Abstract:
A design-point thermodynamic model of the Brayton-cycle gas-turbine
under assumptions of perfect chemical equilibrium is described.
This approach is novel to the best knowledge of the author.
The model uniquely derives an optimum work balance between power
turbine and nozzle as a function of flight conditions and propulsor
efficiency.
The model may easily be expanded to allow analysis and comparison of
arbitrary cycles using any combination of fuel and oxidizer.

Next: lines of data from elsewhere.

Lemma represents_cons3 ks psi :
  represents ks psi -> represents (3%nat :: ks) (weight3 psi).
Proof.
  intros Hpsi; apply represents_cons with psi; [exact Hpsi|].
  intros N _.
  replace (sum_to N (fun k => conn N k * INR k ^ 2 * weight3 psi k))
    with (sum_to N (fun k => (-1) ^ k * conn N k
                             * (alt_div psi k + 2 * sum_to (pred k) (alt_div psi)))).
  - transitivity (INR N ^ 2 * (INR N * sum_to N (fun k => (-1) ^ k * conn N k
                    * (alt_div psi k + 2 * sum_to (pred k) (alt_div psi))))); [ring|].
    rewrite sum_conn_alt_prefix; f_equal; apply sum_to_ext; intros k Hk; unfold alt_div.
    assert (0 < INR k) by (apply lt_0_INR; lia).
    transitivity ((-1) ^ k * (-1) ^ k * conn N k * psi k); [field; lra|].
    rewrite pow_m1_sqr; ring.
  - apply sum_to_ext; intros k Hk; unfold weight3.
    assert (0 < INR k) by (apply lt_0_INR; lia); field; lra.
Qed.

Definition alt_weight (k : nat) : R := -2 * (-1) ^ k.

Lemma represents_nil : represents [] alt_weight.
Proof.
  intros N HN; change (zs_trunc [] N) with 1.
  assert (0 < INR N) by (apply lt_0_INR; lia).
  pose proof (sum_alt_conn N N) as E; rewrite hconn_vanish, hconn_1 in E.
  transitivity (-2 * sum_to N (fun k => (-1) ^ k * conn N k)).
  - apply (Rmult_eq_reg_l (INR N)); [|lra].
    transitivity (- (2 * INR N * sum_to N (fun k => (-1) ^ k * conn N k))); [|ring].
    rewrite E; ring.
  - rewrite <- sum_to_scal_l; apply sum_to_ext; intros; unfold alt_weight; ring.
Qed.

Lemma represents_twos m ks psi :
  represents ks psi -> represents (twos m ++ ks) (fun k => psi k / (INR k ^ 2) ^ m).
Proof.
  intros Hpsi; induction m as [|m IH].
  - apply represents_ext with psi; [exact Hpsi|]; intros; simpl; field.
  - apply represents_ext with (fun k => psi k / (INR k ^ 2) ^ m / INR k ^ 2).
    + exact (represents_cons2 _ _ IH).
    + intros k Hk; assert (0 < INR k) by (apply lt_0_INR; lia).
      rewrite <- (tech_pow_Rmult (INR k ^ 2) m).
      field; split; [apply pow_nonzero, pow_nonzero|]; lra.
Qed.

Definition stuffle_weight (f g : nat -> R) (k : nat) : R :=
  f k * g k / 2 + f k * sum_to (pred k) g.
Lemma Clifford_homogeneous_component M :
  (#|sH| <= 1)%N -> mxsimple rH M -> (1%:M <= component_mx rH M)%MS.
Proof.
move=> /fintype_le1P homog simM; rewrite -(Clifford_Socle1 irrG sH).
apply/sumsmx_subP => W _; rewrite (homog (PackSocle (component_socle sH simM)) W).
by rewrite PackSocleK.
Qed.

End Clifford.

Section CliffordCoset.
Variables (gT : finGroupType) (H N A : {group gT}).
Hypotheses (nsNH : (N <| H)%g) (nsAH : (A <| H)%g) (nsAN : (A <| N)%g).
Variables (n : nat) (rho : mx_representation F H n).
Local Notation rN := (subg_repr rho (normal_sub nsNH)).
Hypothesis irrN : mx_irreducible rN.
Variable sA : socleType (subg_repr rN (normal_sub nsAN)).

Lemma Clifford_coset_stabiliser (W : sA) h :
  h \in H -> exists2 y, y \in N & (y * h)%g \in rstabs rho W.
Proof.
move=> Hh; have Hh' : (h^-1 \in H)%g by rewrite groupV.
have sNH := normal_sub nsNH.
have defrA : subg_repr rN (normal_sub nsAN) = subg_repr rho (normal_sub nsAH).
  exact: subg_repr_comp.
have simM : mxsimple (subg_repr rho (normal_sub nsAH)) (socle_base W).
  by rewrite -defrA; apply: socle_simple.
have simMh := Clifford_simple simM Hh'; have compJ := Clifford_componentJ simM Hh'.
rewrite -defrA in simMh compJ.
pose Wh : sA := PackSocle (component_socle sA simMh).
have defWh : ((Wh : 'M_n) :=: W *m rho h^-1%g)%MS by rewrite PackSocleK; apply: compJ.
have /orbitP[y Ny WyWh] : Wh \in orbit (Clifford_action sA) N W.
  by rewrite (atransPin (subxx _) (Clifford_atrans irrN sA) (in_setT W)) inE.
have defWy : ((W : 'M_n) *m rho y :=: W *m rho h^-1%g)%MS.
  by apply: eqmx_trans (eqmx_sym (val_Clifford_act W Ny)) _; rewrite WyWh.
have Hy := subsetP sNH y Ny.
exists y => //; rewrite inE groupM //= repr_mxM //.
by rewrite mulmxA (eqmxMr _ defWy) -mulmxA -repr_mxM // mulVg repr_mx1 mulmx1.
Qed.

Variable W : sA.
Local Notation H1 := (rstabs_group rho W).

Lemma Clifford_stabiliser_module : mxmodule (subg_repr rho (rstabs_sub rho W)) W.
Proof. by rewrite /mxmodule rstabs_subg setIid. Qed.

Local Notation rho1 := (submod_repr Clifford_stabiliser_module).

Lemma Clifford_stabiliser_normal : (H1 :&: N <| H1)%g.
Proof. exact: normalGI (rstabs_sub rho W) nsNH. Qed.

Lemma Clifford_stabiliser_irr :
  mx_irreducible (subg_repr rho1 (normal_sub Clifford_stabiliser_normal)).
Proof.
pose rH1N := subg_repr (subg_repr rho (rstabs_sub rho W))
  (normal_sub Clifford_stabiliser_normal).
have simW : mxsimple rH1N W.
  have defN1 : rstabs rN W = H1 :&: N by rewrite rstabs_subg setIC.
  by apply: mxsimple_same_image (Clifford_rstabs_simple irrN W) => x Sx;
    exists x; rewrite //= -?defN1 // defN1.
have [modW _ _] := simW.
by apply: mxsimple_same_image ((submod_mx_irr modW).2 simW) => x N1x; exists x.
Qed.

Lemma Clifford_stabiliser_ker :
  ~~ (A \subset rker rho) -> ~~ (H1 :&: N \subset rker rho1).
Proof.
move=> ntA; apply: contra ntA => N1ker; have sAN := normal_sub nsAN.
have sAH1 : A \subset H1.
  have := component_mx_module (subg_repr rN sAN) (socle_base W).
  by rewrite /mxmodule !rstabs_subg !subsetI => /and3P[].
have fixAW : A \subset rstab rN W.
  have : A \subset rker rho1 by apply: subset_trans N1ker; rewrite subsetI sAH1.
  by rewrite rker_submod !rstab_subg !subsetI sAN => /andP[_ ->].
have: A \subset rker rN.
  apply: rfix_normal_rker irrN nsAN _; apply: contraNneq (nz_socle W) => rfix0.
  by rewrite -submx0 -rfix0 -rfix_mx_rstabC.
by rewrite rker_subg subsetI => /andP[].
Qed.

End CliffordCoset.

End FieldRepr.

Lemma real_expr_eq1 (R : realDomainType) (x : R) k :
  (0 < k)%N -> x ^+ k = 1 -> x = 1 \/ x = -1.
Proof.
move=> k_gt0 xk1; have /eqP : `|x| = 1.
  by apply/eqP; rewrite -(pexpr_eq1 k_gt0) ?normr_ge0 // -normrX xk1 normr1.
by rewrite eqr_norml ler01 andbT => /orP[] /eqP; [left | right].
Qed.

Section RealClosedRepr.
Variable R : rcfType.

Lemma odd_mx_eigenvalue n (B : 'M[R]_n) : odd n -> exists a, eigenvalue B a.
Proof.
move=> odd_n; have [a root_a] : {a | root (char_poly B) a}.
  by apply: odd_poly_root; rewrite size_char_poly /= negbK.
by exists a; rewrite eigenvalue_root_char.
Qed.

Lemma repr_odd_eigenvalue_sign gT (G : {group gT}) n (rG : mx_representation R G n) x :
  odd n -> x \in G -> eigenvalue (rG x) 1 \/ eigenvalue (rG x) (-1).
Proof.
move=> odd_n Gx; have [a eig_a] := odd_mx_eigenvalue (rG x) odd_n.
have := eigenvalue_root_unity (repr_mx_expg_order rG Gx) eig_a.
by case/(real_expr_eq1 (order_gt0 x)) => <-; [left | right].
Qed.

Lemma Clifford_homogeneous_sign gT (N A : {group gT}) (nsAN : (A <| N)%g) n
    (rN : mx_representation R N n) (sA : socleType (subg_repr rN (normal_sub nsAN))) a :
    odd n -> mx_irreducible rN -> A^`(1)%g \subset rker rN -> (#|sA| <= 1)%N ->
  a \in A -> rN a = 1%:M \/ rN a = (-1)%:M.
Proof.
move=> odd_n irrN A'ker homog Aa; set rA := subg_repr rN (normal_sub nsAN).
have [W _ _] := imsetP (Clifford_atrans irrN sA).
have simM := socle_simple W; have [modM _ _] := simM.
have odd_M : odd (\rank (socle_base W)).
  exact: dvdn_odd (Clifford_rank_simple_dvd irrN simM) odd_n.
have cAa : centgmx rA (rA a).
  by apply: centgmx_der1_rker Aa; rewrite rker_subg subsetI der_sub.
have [mu mu_pm eig] : exists2 mu, mu = 1 \/ mu = -1 & eigenvalue (submod_repr modM a) mu.
  by case: (repr_odd_eigenvalue_sign (submod_repr modM) odd_M Aa) => eig;
    [exists 1; [left | ] | exists (-1); [right | ]].
have -> : rN a = mu%:M.
  apply: eigenspace1_scalar; apply: submx_trans (Clifford_homogeneous_component irrN homog simM) _.
  exact: component_mx_sub_eigenspace simM Aa cAa (submod_eigenspace_cap Aa eig).
by case: mu_pm => ->; [left | right].
Qed.

End RealClosedRepr.

Section SolvableNormal.
Variable R : rcfType.

(* Socle types need a decidable field; classical logic provides one. *)
Let classical_sat : GRing.decidable_field_axiom
  (fun e (f : GRing.formula R) => `[< GRing.holds e f >]).
Proof. by move=> e f; apply: asboolP. Qed.
#[non_forgetful_inheritance]
HB.instance Definition _ := GRing.Field_isDecField.Build R classical_sat.
(* Let $K=3$, let $\check\Sigma$ be a symmetric positive semidefinite $d_1d_2d_3\times d_1d_2d_3$ matrix, and let $\bar\Sigma_1,\bar\Sigma_2,\bar\Sigma_3$ be produced from $\check\Sigma$ by the hierarchical SVD procedure described in the context. Then: (i) with an appropriate choice of the signs of the leading singular vectors, each $\bar\Sigma_k$ ($k=1,2,3$) is symmetric and positive semidefinite; (ii) suppose $d_1,d_2,d_3$ are fixed, $\Sigma=\Sigma_3\otimes\Sigma_2\otimes\Sigma_1$ with each $\Sigma_k$ a $d_k\times d_k$ symmetric positive definite matrix normalized by $\|\Sigma_1\|_F=\|\Sigma_2\|_F=1$, and $\check\Sigma=\check\Sigma_T$ is a sequence of estimators with $\|\check\Sigma-\Sigma\|_F=o_p(1)$ as $T\to\infty$. Then, with the signs chosen as in (i), $\|\bar\Sigma_k-\Sigma_k\|_F=o_p(1)$ for $k=1,2,3$.
   Context: $\mathrm{vec}$ stacks columns and $\mathrm{vec}^{-1}$ is its inverse (reshaping a vector of length $m^2$ into an $m\times m$ matrix). Let $\mathcal R_1:\mathbb R^{d_1d_2d_3\times d_1d_2d_3}\to\mathbb R^{d_1^2\times d_2^2d_3^2}$ be the linear rearrangement with $\mathcal R_1(B\otimes A)=\mathrm{vec}(A)\mathrm{vec}(B)'$ for all $A\in\mathbb R^{d_1\times d_1}$, $B\in\mathbb R^{d_2d_3\times d_2d_3}$, and $\mathcal R_2:\mathbb R^{d_2d_3\times d_2d_3}\to\mathbb R^{d_2^2\times d_3^2}$ the linear rearrangement with $\mathcal R_2(C\otimes B)=\mathrm{vec}(B)\mathrm{vec}(C)'$ for $B\in\mathbb R^{d_2\times d_2}$, $C\in\mathbb R^{d_3\times d_3}$. Hierarchical SVD procedure: let $s_1,u_1,v_1$ be the largest singular value and corresponding unit left/right singular vectors of $S_1=\mathcal R_1(\check\Sigma)$; set $\bar\Sigma_1=\mathrm{vec}^{-1}(u_1)$. Let $\sigma_1,a_1,b_1$ be the largest singular value and unit left/right singular vectors of $S_2=\mathcal R_2(\mathrm{vec}^{-1}(s_1v_1))$; set $\bar\Sigma_2=\mathrm{vec}^{-1}(a_1)$ and $\bar\Sigma_3=\mathrm{vec}^{-1}(\sigma_1b_1)$. *)

From HB Require Import structures.
From mathcomp Require Import all_boot all_order all_algebra.
From mathcomp Require Import all_classical all_reals all_analysis.
From mathcomp Require Import zify.

Set Implicit Arguments.
Unset Strict Implicit.
Unset Printing Implicit Defensive.

Import Order.TTheory GRing.Theory Num.Theory.
Local Open Scope ring_scope.
Local Open Scope classical_set_scope.

(* Index bookkeeping.  A pair (i, j) in 'I_m x 'I_n is stored at the   *)
(* position i + m * j of 'I_(m*n): this is the column-stacking (vec)   *)
(* convention, and also the Kronecker convention (B (x) A)             *)
(* [(i1 + m j1),(i2 + m j2)] = B j1 j2 * A i1 i2.                      *)

Lemma pidx_proof m n (i : 'I_m) (j : 'I_n) : (i + m * j < m * n)%N.
Proof. have := ltn_ord i; have := ltn_ord j; nia. Qed.

Definition pidx m n (i : 'I_m) (j : 'I_n) : 'I_(m * n) := Ordinal (pidx_proof i j).

Lemma lo_proof m n (k : 'I_(m * n)) : (k %% m < m)%N.
Proof.
have hk := ltn_ord k; have m0 : (0 < m)%N by case: m k hk => //.
by rewrite ltn_pmod.
Qed.

Lemma hi_proof m n (k : 'I_(m * n)) : (k %/ m < n)%N.
Proof.
have hk := ltn_ord k; have m0 : (0 < m)%N by case: m k hk => //.
rewrite ltn_divLR //; move: hk; set K := nat_of_ord k; rewrite mulnC; exact.
Qed.

Definition lo m n (k : 'I_(m * n)) : 'I_m := Ordinal (lo_proof k).
Definition hi m n (k : 'I_(m * n)) : 'I_n := Ordinal (hi_proof k).

Section Defs.
Variable R : realType.

Definition vecm m n (A : 'M[R]_(m, n)) : 'cV[R]_(m * n) :=
  \col_k A (lo k) (hi k).

Definition unvec m n (v : 'cV[R]_(m * n)) : 'M[R]_(m, n) :=
  \matrix_(i, j) v (pidx i j) 0.

Definition kron m n (B : 'M[R]_n) (A : 'M[R]_m) : 'M[R]_(m * n) :=
  \matrix_(k, l) (B (hi k) (hi l) * A (lo k) (lo l)).

(* The linear rearrangement R : R^{mn x mn} -> R^{m^2 x n^2} with
   R (B (x) A) = vec(A) vec(B)' ; explicitly
   R(M)[(i1 + m i2), (j1 + n j2)] = M[(i1 + m j1), (i2 + m j2)]. *)
Definition rearr m n (M : 'M[R]_(m * n)) : 'M[R]_(m * m, n * n) :=
  \matrix_(r, c) M (pidx (lo r) (lo c)) (pidx (hi r) (hi c)).

Definition sqnorm n (x : 'cV[R]_n) : R := \sum_i x i 0 ^+ 2.
Definition frob m n (A : 'M[R]_(m, n)) : R :=
  Num.sqrt (\sum_i \sum_j A i j ^+ 2).

Definition unit_vec n (x : 'cV[R]_n) : Prop := sqnorm x = 1.

Definition symmetric n (A : 'M[R]_n) : Prop := A^T = A.
Definition psd n (A : 'M[R]_n) : Prop :=
  symmetric A /\ forall x : 'cV[R]_n, 0 <= (x^T *m A *m x) 0 0.
Definition pd n (A : 'M[R]_n) : Prop :=
  symmetric A /\ forall x : 'cV[R]_n, x != 0 -> 0 < (x^T *m A *m x) 0 0.

Definition singular_triple m n (S : 'M[R]_(m, n)) (s : R)
  (u : 'cV[R]_m) (v : 'cV[R]_n) : Prop :=
  [/\ 0 <= s, unit_vec u, unit_vec v, S *m v = s *: u & S^T *m u = s *: v].

Definition top_singular_triple m n (S : 'M[R]_(m, n)) (s : R)
  (u : 'cV[R]_m) (v : 'cV[R]_n) : Prop :=
  singular_triple S s u v /\
  forall s' u' v', singular_triple S s' u' v' -> s' <= s.

(* The hierarchical SVD procedure (K = 3): given the chosen leading
   singular triples (s1,u1,v1) of S1 = R1(Sc) and (sig1,a1,b1) of
   S2 = R2(vec^{-1}(s1 v1)), the outputs are
   Sb1 = vec^{-1}(u1), Sb2 = vec^{-1}(a1), Sb3 = vec^{-1}(sig1 b1). *)
Definition hsvd_choice d1 d2 d3 (Sc : 'M[R]_(d1 * (d2 * d3)))
  (s1 : R) (u1 : 'cV[R]_(d1 * d1)) (v1 : 'cV[R]_((d2 * d3) * (d2 * d3)))
  (sig1 : R) (a1 : 'cV[R]_(d2 * d2)) (b1 : 'cV[R]_(d3 * d3)) : Prop :=
  top_singular_triple (rearr Sc) s1 u1 v1 /\
  top_singular_triple (rearr (unvec (s1 *: v1))) sig1 a1 b1.

Definition hsvd1 d1 (u1 : 'cV[R]_(d1 * d1)) : 'M[R]_d1 := unvec u1.
Definition hsvd2 d2 (a1 : 'cV[R]_(d2 * d2)) : 'M[R]_d2 := unvec a1.
Definition hsvd3 d3 (sig1 : R) (b1 : 'cV[R]_(d3 * d3)) : 'M[R]_d3 :=
  unvec (sig1 *: b1).

End Defs.
(* Let $\mathcal{LS}_{\mathfrak{A}_2}$ be the operad (variety) of left-symmetric algebras over a field of characteristic $0$ satisfying the identity $a(bc)+b(ac)+a(cb)+c(ab)+b(ca)+c(ba)=0$. Its Koszul dual operad $\mathcal{LS}_{\mathfrak{A}_2}^{(!)}$ is the operad of alternative algebras satisfying the identity $(ab)c=(ba)c$.
   Context: A left-symmetric algebra is an algebra whose associator $(a,b,c)=(ab)c-a(bc)$ satisfies $(a,b,c)=(b,a,c)$. An algebra is alternative if $(a,a,b)=0=(a,b,b)$. The Koszul dual of a binary quadratic operad is taken in the sense of Ginzburg–Kapranov; equivalently, $\mathcal{P}^{(!)}$ is the quadratic operad whose algebras $U$ are defined by exactly those degree-3 identities making $S\otimes U$, with product $(a\otimes u)(b\otimes v)=ab\otimes uv$, Lie-admissible for every $\mathcal{P}$-algebra $S$. *)

From HB Require Import structures.
From mathcomp Require Import all_boot all_order all_algebra all_fingroup.
Set Implicit Arguments. Unset Strict Implicit. Unset Printing Implicit Defensive.
Import GRing.Theory.
Local Open Scope ring_scope.

(* Multilinear degree-3 nonassociative monomials in the variables x_0,x_1,x_2:
   (s, true)  stands for (x_{s 0} x_{s 1}) x_{s 2},
   (s, false) stands for x_{s 0} (x_{s 1} x_{s 2}).
   A degree-3 (multilinear, binary quadratic) identity is a K-linear
   combination of these 12 monomials, i.e. a function mon -> K. *)
Definition mon := ('S_3 * bool)%type.

Section Identities.
Variable K : fieldType.

Definition x0 : 'I_3 := inord 0.
Definition x1 : 'I_3 := inord 1.
Definition x2 : 'I_3 := inord 2.

Definition mono (b : bool) (i j k : 'I_3) : mon -> K :=
  fun m => if [&& m.2 == b, m.1 x0 == i, m.1 x1 == j & m.1 x2 == k]
           then 1 else 0.
Definition Lm := mono true.
Definition Rm := mono false.

Definition addI (f g : mon -> K) : mon -> K := fun m => f m + g m.
Definition oppI (f : mon -> K) : mon -> K := fun m => - f m.
Definition subI f g := addI f (oppI g).

Definition assoc3 (i j k : 'I_3) := subI (Lm i j k) (Rm i j k).

(* substitution x_i |-> x_{t i} in an identity *)
Definition act (t : 'S_3) (g : mon -> K) : mon -> K :=
  fun m => g (m.1 * t^-1, m.2)%g.

Definition Sspan (gs : seq (mon -> K)) (f : mon -> K) : Prop :=
  exists c : nat -> 'S_3 -> K, forall m : mon,
    f m = \sum_(i < size gs) \sum_(t : 'S_3)
             c i t * act t (nth (fun _ => 0) gs i) m.

(* sign in the Jacobi expansion of S (x) U:
   J(a(x)u, b(x)v, c(x)w) = sum_s sgn s [ (..)..(x)(..).. - .(..)(x).(..) ] *)
Definition eps (m : mon) : K :=
  (if m.2 then 1 else -1) * (-1) ^+ odd_perm m.1.

Definition pairing (f g : mon -> K) : K := \sum_(m : mon) eps m * f m * g m.

(* Koszul dual (Ginzburg-Kapranov), with sign convention fixed by
   Lie-admissibility of S (x) U: relations of P^(!) = orthogonal of R_P. *)
Definition koszul_dual_rel (R : (mon -> K) -> Prop) (f : mon -> K) : Prop :=
  forall g, R g -> pairing f g = 0.

Definition LS_id := subI (assoc3 x0 x1 x2) (assoc3 x1 x0 x2).
Definition A2_id :=
  addI (Rm x0 x1 x2) (addI (Rm x1 x0 x2) (addI (Rm x0 x2 x1)
   (addI (Rm x2 x0 x1) (addI (Rm x1 x2 x0) (Rm x2 x1 x0))))).
Definition LS_A2_rel := Sspan [:: LS_id; A2_id].

(* alternative (linearized): (a,b,c)+(b,a,c) = 0, (a,b,c)+(a,c,b) = 0 *)
Definition altL_id := addI (assoc3 x0 x1 x2) (assoc3 x1 x0 x2).
Definition altR_id := addI (assoc3 x0 x1 x2) (assoc3 x0 x2 x1).
Definition lcomm_id := subI (Lm x0 x1 x2) (Lm x1 x0 x2).
Definition Alt_lcomm_rel := Sspan [:: altL_id; altR_id; lcomm_id].

End Identities.

(* Every translate of the three
   generators of Alt_lcomm pairs to zero with every translate of the two LS_A2
   generators, which gives one inclusion.  For the other, an integral
   certificate writes each monomial y as a combination of Alt_lcomm translates
   plus eps times an element of the LS_A2 span; pairing a dual element f with
   the latter part gives 0, which leaves f as a combination of Alt_lcomm
   translates.  Both facts are finite integer identities checked by
   computation. *)

From Pilot Require Import Defs.
From mathcomp Require Import all_boot all_order all_algebra all_fingroup.
From mathcomp Require Import ring.
Set Implicit Arguments. Unset Strict Implicit. Unset Printing Implicit Defensive.
Import GRing.Theory.
Local Open Scope ring_scope.

Notation translate gs i t := (Defs.act t (nth (fun _ => 0) gs i)).

Section KoszulDuality.
Variable K : fieldType.

Lemma eps_mul_eps (m : mon) : eps K m * eps K m = 1.
Proof.
rewrite /eps mulrACA -[_ ^+ _ * _]expr2 sqrr_sign mulr1.
by case: m.2; rewrite ?mulrNN mulr1.
Qed.

Lemma eq_pairing (f1 f2 g1 g2 : mon -> K) :
  f1 =1 f2 -> g1 =1 g2 -> pairing f1 g1 = pairing f2 g2.
Proof. by move=> ef eg; apply: eq_bigr => m _; rewrite ef eg. Qed.

Lemma pairingC (f g : mon -> K) : pairing f g = pairing g f.
Proof. by apply: eq_bigr => m _; rewrite mulrAC. Qed.

Lemma pairing_span_eq0 (gs : seq (mon -> K)) (c : nat -> 'S_3 -> K) (f g : mon -> K) :
  (forall m, f m = \sum_(i < size gs) \sum_(t : 'S_3) c i t * translate gs i t m) ->
  (forall (i : 'I_(size gs)) t, pairing (translate gs i t) g = 0) ->
  pairing f g = 0.
Proof.
move=> def_f orth_g; rewrite /pairing (eq_bigr (fun m =>
  \sum_(i < size gs) \sum_(t : 'S_3) c i t * (eps K m * translate gs i t m * g m))).
  rewrite exchange_big big1 // => i _; rewrite exchange_big big1 // => t _.
  by rewrite -mulr_sumr; have := orth_g i t; rewrite /pairing => ->; rewrite mulr0.
move=> m _; rewrite def_f mulr_sumr big_distrl; apply: eq_bigr => i _.
by rewrite mulr_sumr big_distrl; apply: eq_bigr => t _ /=; ring.
Qed.

Lemma Sspan_sub_koszul_dual (gs hs : seq (mon -> K)) :
  (forall (i : 'I_(size gs)) (j : 'I_(size hs)) s t,
     pairing (translate gs i s) (translate hs j t) = 0) ->
  forall f, Sspan gs f -> koszul_dual_rel (Sspan hs) f.
Proof.
move=> orth f [c def_f] g [d def_g].
apply: (pairing_span_eq0 def_f) => i s; rewrite pairingC.
by apply: (pairing_span_eq0 def_g) => j t; rewrite pairingC.
Qed.
Lemma laplace_middle_decomposition (L : R) : 1 <= L ->
  sqrt L * RInt (laplace_kernel_sym L) 0 (1 / 2)
  - sqrt (2 * PI) * (1 - 1 / (24 * L))
  = sqrt L * (RInt (laplace_kernel_sym L) 0 (1 / 2)
              - RInt (main_profile L) 0 (1 / 2))
    + 2 * sqrt 2 * (1 - 1 / (24 * L)) * (gauss_int (sqrt (L / 2) * (1 / 2)) - sqrt PI / 2)
    + 2 * (sqrt L * profile_antiderivative L (1 / 2) * gauss_profile L (1 / 2)).
Proof.
intros HL. rewrite RInt_main_profile by lra.
rewrite sqrt_mult by (pose proof PI_RGT_0; lra).
pose proof (RInt_gauss_profile_half L ltac:(lra)) as HI.
set (I := RInt (gauss_profile L) 0 (1 / 2) : R) in *.
apply Rminus_diag_uniq.
transitivity (2 * (1 - 1 / (24 * L)) * (sqrt L * I - sqrt 2 * gauss_int (sqrt (L / 2) * (1 / 2))));
  [field; lra |].
rewrite HI. ring.
Qed.

Lemma laplace_middle_expansion :
  O_inv_sqr (fun L => sqrt L * RInt (laplace_kernel_sym L) 0 (1 / 2)
                      - sqrt (2 * PI) * (1 - 1 / (24 * L))).
Proof.
eapply O_inv_sqr_ext; [intros L HL; now apply laplace_middle_decomposition |].
repeat apply O_inv_sqr_plus.
- exact laplace_sym_error_O.
- apply (O_inv_sqr_mult_bounded (fun L => 2 * sqrt 2 * (1 - 1 / (24 * L))) _ (2 * sqrt 2)).
  + intros L HL. pose proof (inv_24_bounds L HL). pose proof (sqrt_pos 2).
    rewrite Rabs_pos_eq; nra.
  + exact gauss_int_half_tail_O.
- apply (O_inv_sqr_mult_bounded (fun _ => 2) _ 2); [intros; rewrite Rabs_pos_eq; lra |].
  exact boundary_term_O.
Qed.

The model allows the consideration of engines under a variety of
conditions, from sea level/static to >20 km altitude and flight Mach
numbers greater than 4.
Isentropic or polytropic turbomachinery component efficiency standards
may be used independently for compressor, gas generator turbine and
power turbine.
With a methodology based on the paper by M.V. Casey, “Accounting
for losses” (2007), and using Bridgman’s partial differentials , the
model uniquely describes the properties of a gas turbine solely by
reference to the properties of the gas mixture passing through the
engine.
Turbine cooling is modelled using a method put forward by Kurzke.
Turboshaft, turboprop, separate exhaust turbofan and turbojet engines
may be modelled. Where applicable, optimisation of the power turbine
and exhaust nozzle work split for flight conditions and component
performances is automatically undertaken.
The model is implemented via a VB.net code, which calculates
thermodynamic states and controls the NASA CEA code for the
calculation of thermodynamic properties at those states. Microsoft
Excel® is used as a graphical user interface.
It is explained that comprehensive design-point cycle analysis may
allow novel approaches to off-design analysis, including engine health
management, and that further development may allow the automation of
cycle design, possibly leading to the discovery of opportunities for
novel cycles.